The speed of this shift impresses me. In the past, transitioning from consumer to enterprise typically took years, requiring extensive market education and sales efforts. But AI tools are so clearly useful that users spontaneously introduce them into their work environments. I’ve seen numerous cases where employees first buy an AI tool personally, then convince their company to purchase the enterprise version for the whole team.
The shift from price-sensitive consumers to price-insensitive enterprise buyers creates massive expansion potential. But this requires core collaboration features like team folders, shared libraries, collaborative canvases, authentication, and security. I believe these features are now essential for any consumer AI product with enterprise potential.
With these capabilities in place, pricing differences can be substantial. ChatGPT is a good example—even though it’s not widely seen as a team product, its pricing highlights the gap: $20/month for individuals versus enterprise plans ranging from $25 to $60 per user. Such 2–3x price differences were rare in traditional consumer software but are becoming common in the AI era.

I think some companies even price individual plans at break-even or slight loss to accelerate team adoption. Notion effectively used this strategy in 2020, offering unlimited free pages to individual users while charging heavily for collaboration features, driving its most explosive growth phase. The logic is clear: subsidize individual usage to build a user base, then monetize through enterprise features.
Take Gamma, for instance: its Plus plan is $8/month to remove watermarks—a requirement for most enterprise use—plus other features. Then users pay for each collaborator added to their workspace. This model cleverly leverages enterprise demand for professional presentation.

Replit offers a $20/month plan for Core users. Team plans start at $35/month, including extra credits, viewer seats, centralized billing, role-based access control, private deployments, and more. Cursor offers a $20/month Pro plan and a $200/month Ultra plan (with 20x usage increase). Team users pay $40/month for Pro, with organization-wide privacy modes, usage and management dashboards, centralized billing, and SAML/SSO.

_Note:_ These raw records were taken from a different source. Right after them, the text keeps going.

(* Let $q>0$. For every $x\in\mathbb{R}$, $\mathcal{C}os_q x$ and $\mathcal{S}in_q x$ are real numbers and satisfy $-1\le \mathcal{C}os_q x\le 1$ and $-1\le \mathcal{S}in_q x\le1$.
   Context: For $q>0$ let $[k]=1+q+\dots+q^{k-1}$, $[n]!=[1]\cdots[n]$, and let $e_q^z=\sum_{n\ge0} z^n/[n]!$, $E_q^z=\sum_{n\ge0} q^{n(n-1)/2}z^n/[n]!$ be the standard $q$-exponentials, extended meromorphically to $\mathbb{C}$ (for $0<q<1$: $e_q^z=\prod_{k\ge0}(1-(1-q)q^kz)^{-1}$, $E_q^z=\prod_{k\ge0}(1+(1-q)q^kz)$; in general $E_q^z=e_{1/q}^z$; for $q=1$ both are $e^z$); their poles are real. The improved $q$-exponential is $\mathcal{E}_q^z:=e_q^{z/2}E_q^{z/2}$. For real $x$, $\mathcal{S}in_q x=\frac{\mathcal{E}_q^{ix}-\mathcal{E}_q^{-ix}}{2i}$ and $\mathcal{C}os_q x=\frac{\mathcal{E}_q^{ix}+\mathcal{E}_q^{-ix}}{2}$. *)

From Stdlib Require Import Reals Lra ClassicalEpsilon.
Open Scope R_scope.

Definition C := (R * R)%type.
Definition Re (z : C) : R := fst z.
Definition Im (z : C) : R := snd z.
Definition C0 : C := (0, 0).
Definition C1 : C := (1, 0).
Definition Cadd (z w : C) : C := (fst z + fst w, snd z + snd w).
Definition Csub (z w : C) : C := (fst z - fst w, snd z - snd w).
Definition Cmul (z w : C) : C :=
  (fst z * fst w - snd z * snd w, fst z * snd w + snd z * fst w).
Definition Cscal (r : R) (z : C) : C := (r * fst z, r * snd z).
Definition Cinv (z : C) : C :=
  let d := fst z * fst z + snd z * snd z in (fst z / d, - snd z / d).
Definition Cdiv (z w : C) : C := Cmul z (Cinv w).
Definition Cexp (z : C) : C := (exp (fst z) * cos (snd z), exp (fst z) * sin (snd z)).

Definition Ccv (u : nat -> C) (L : C) : Prop :=
  Un_cv (fun n => fst (u n)) (fst L) /\ Un_cv (fun n => snd (u n)) (snd L).
Definition Clim (u : nat -> C) : C := epsilon (inhabits C0) (fun L => Ccv u L).

Fixpoint Cprod (f : nat -> C) (N : nat) : C :=
  match N with O => C1 | S n => Cmul (Cprod f n) (f n) end.

(** For 0 < q < 1 (product formulas):
    e_q^z = prod_{k>=0} (1 - (1-q) q^k z)^{-1},
    E_q^z = prod_{k>=0} (1 + (1-q) q^k z). *)
Definition small_e (q : R) (z : C) : C :=
  Clim (fun N => Cinv (Cprod (fun k => Csub C1 (Cscal ((1 - q) * q ^ k) z)) N)).
Definition small_E (q : R) (z : C) : C :=
  Clim (fun N => Cprod (fun k => Cadd C1 (Cscal ((1 - q) * q ^ k) z)) N).

(** General q > 0: q = 1 gives exp; q > 1 uses E_q = e_{1/q} (hence e_q = E_{1/q}). *)
Definition qexp_e (q : R) (z : C) : C :=
  if Rlt_dec q 1 then small_e q z
  else if Req_EM_T q 1 then Cexp z
  else small_E (/ q) z.
Definition qexp_E (q : R) (z : C) : C :=
  if Rlt_dec q 1 then small_E q z
  else if Req_EM_T q 1 then Cexp z
  else small_e (/ q) z.

Definition qexp_impr (q : R) (z : C) : C :=
  Cmul (qexp_e q (Cscal (/ 2) z)) (qexp_E q (Cscal (/ 2) z)).

Definition Sinq (q x : R) : C :=
  Cdiv (Csub (qexp_impr q (0, x)) (qexp_impr q (0, - x))) (0, 2).
Definition Cosq (q x : R) : C :=
  Cdiv (Cadd (qexp_impr q (0, x)) (qexp_impr q (0, - x))) (2, 0).

(* For purely imaginary z = i t and 0 < r < 1 the factors 1 + (1-r) r^k z of
   E_r^z and 1 - (1-r) r^k z of 1/e_r^z are complex conjugate, so
   e_r^z = 1/conj(P) and E_r^z = P for the same convergent product P.  Hence
   the improved exponential at i x is P / conj(P), of modulus one, and its value
   at -i x is its conjugate; the same holds for q = 1 (exp) and for q > 1
   (where e_q and E_q swap roles).  Cos_q x and Sin_q x are then the real and
   imaginary parts of a point of the unit circle.  The product converges
   because its factors have the form 1 + i O(r^k): their moduli stay in
   [1, exp (sum O(r^2k))] and the increments of the partial products are
   geometrically small. *)
From Stdlib Require Import Reals Lra Psatz ClassicalEpsilon FunctionalExtensionality.
Open Scope R_scope.

Lemma Un_cv_const (c : R) : Un_cv (fun _ => c) c.
Proof.
  intros e He; exists 0%nat; intros n _.
  unfold Rdist; rewrite Rminus_diag, Rabs_R0; exact He.
Qed.

Lemma Un_cv_inv (u : nat -> R) (l : R) :
  l <> 0 -> Un_cv u l -> Un_cv (fun n => / u n) (/ l).
Proof.
  intros Hl Hu.
  apply (continuity_seq (inv_fct id)); [|exact Hu].
  apply continuity_pt_inv; [|exact Hl].
  apply derivable_continuous_pt, derivable_pt_id.
Qed.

These features matter because they unlock enterprise-level ARPU (Average Revenue Per User) expansion. I believe any consumer AI company today that isn’t planning for enterprise expansion is missing a huge opportunity. Enterprise users not only pay more but are also typically more stable and have lower churn.

Invest in Enterprise Capabilities from Day One
Moore offers a seemingly counterintuitive yet highly insightful suggestion: consumer companies should consider hiring a sales lead within one to two years of founding. I fully agree, even though this contradicts traditional consumer product strategies.
Individual adoption can only take a product so far; ensuring widespread organizational adoption requires navigating enterprise procurement and closing high-value contracts. This demands professional sales expertise—not just relying on organic product spread. I’ve seen too many excellent consumer AI products miss big opportunities due to lack of enterprise sales capability.
Canva, founded in 2013, waited nearly seven years before launching its Teams product. Moore notes that in 2025, such delays are no longer viable. The pace of enterprise AI adoption means that if you delay enterprise features, competitors will seize the opportunity. Competitive pressure is vastly accelerated in the AI era, as market changes happen faster than ever.
I believe several key features often determine success. For security and privacy: SOC-2 compliance, SSO/SAML support. For operations and billing: role-based access control, centralized billing. For product: team templates, shared themes, collaborative workflows. These may sound basic, but they’re often decisive in enterprise purchasing decisions.
ElevenLabs is a great example: starting heavily focused on consumers, the company quickly built enterprise-grade capabilities, adding HIPAA compliance for its voice and conversation agents and positioning itself to serve healthcare and other regulated industries. This rapid enterprise transformation allowed them to capture high-value clients beyond consumer revenue.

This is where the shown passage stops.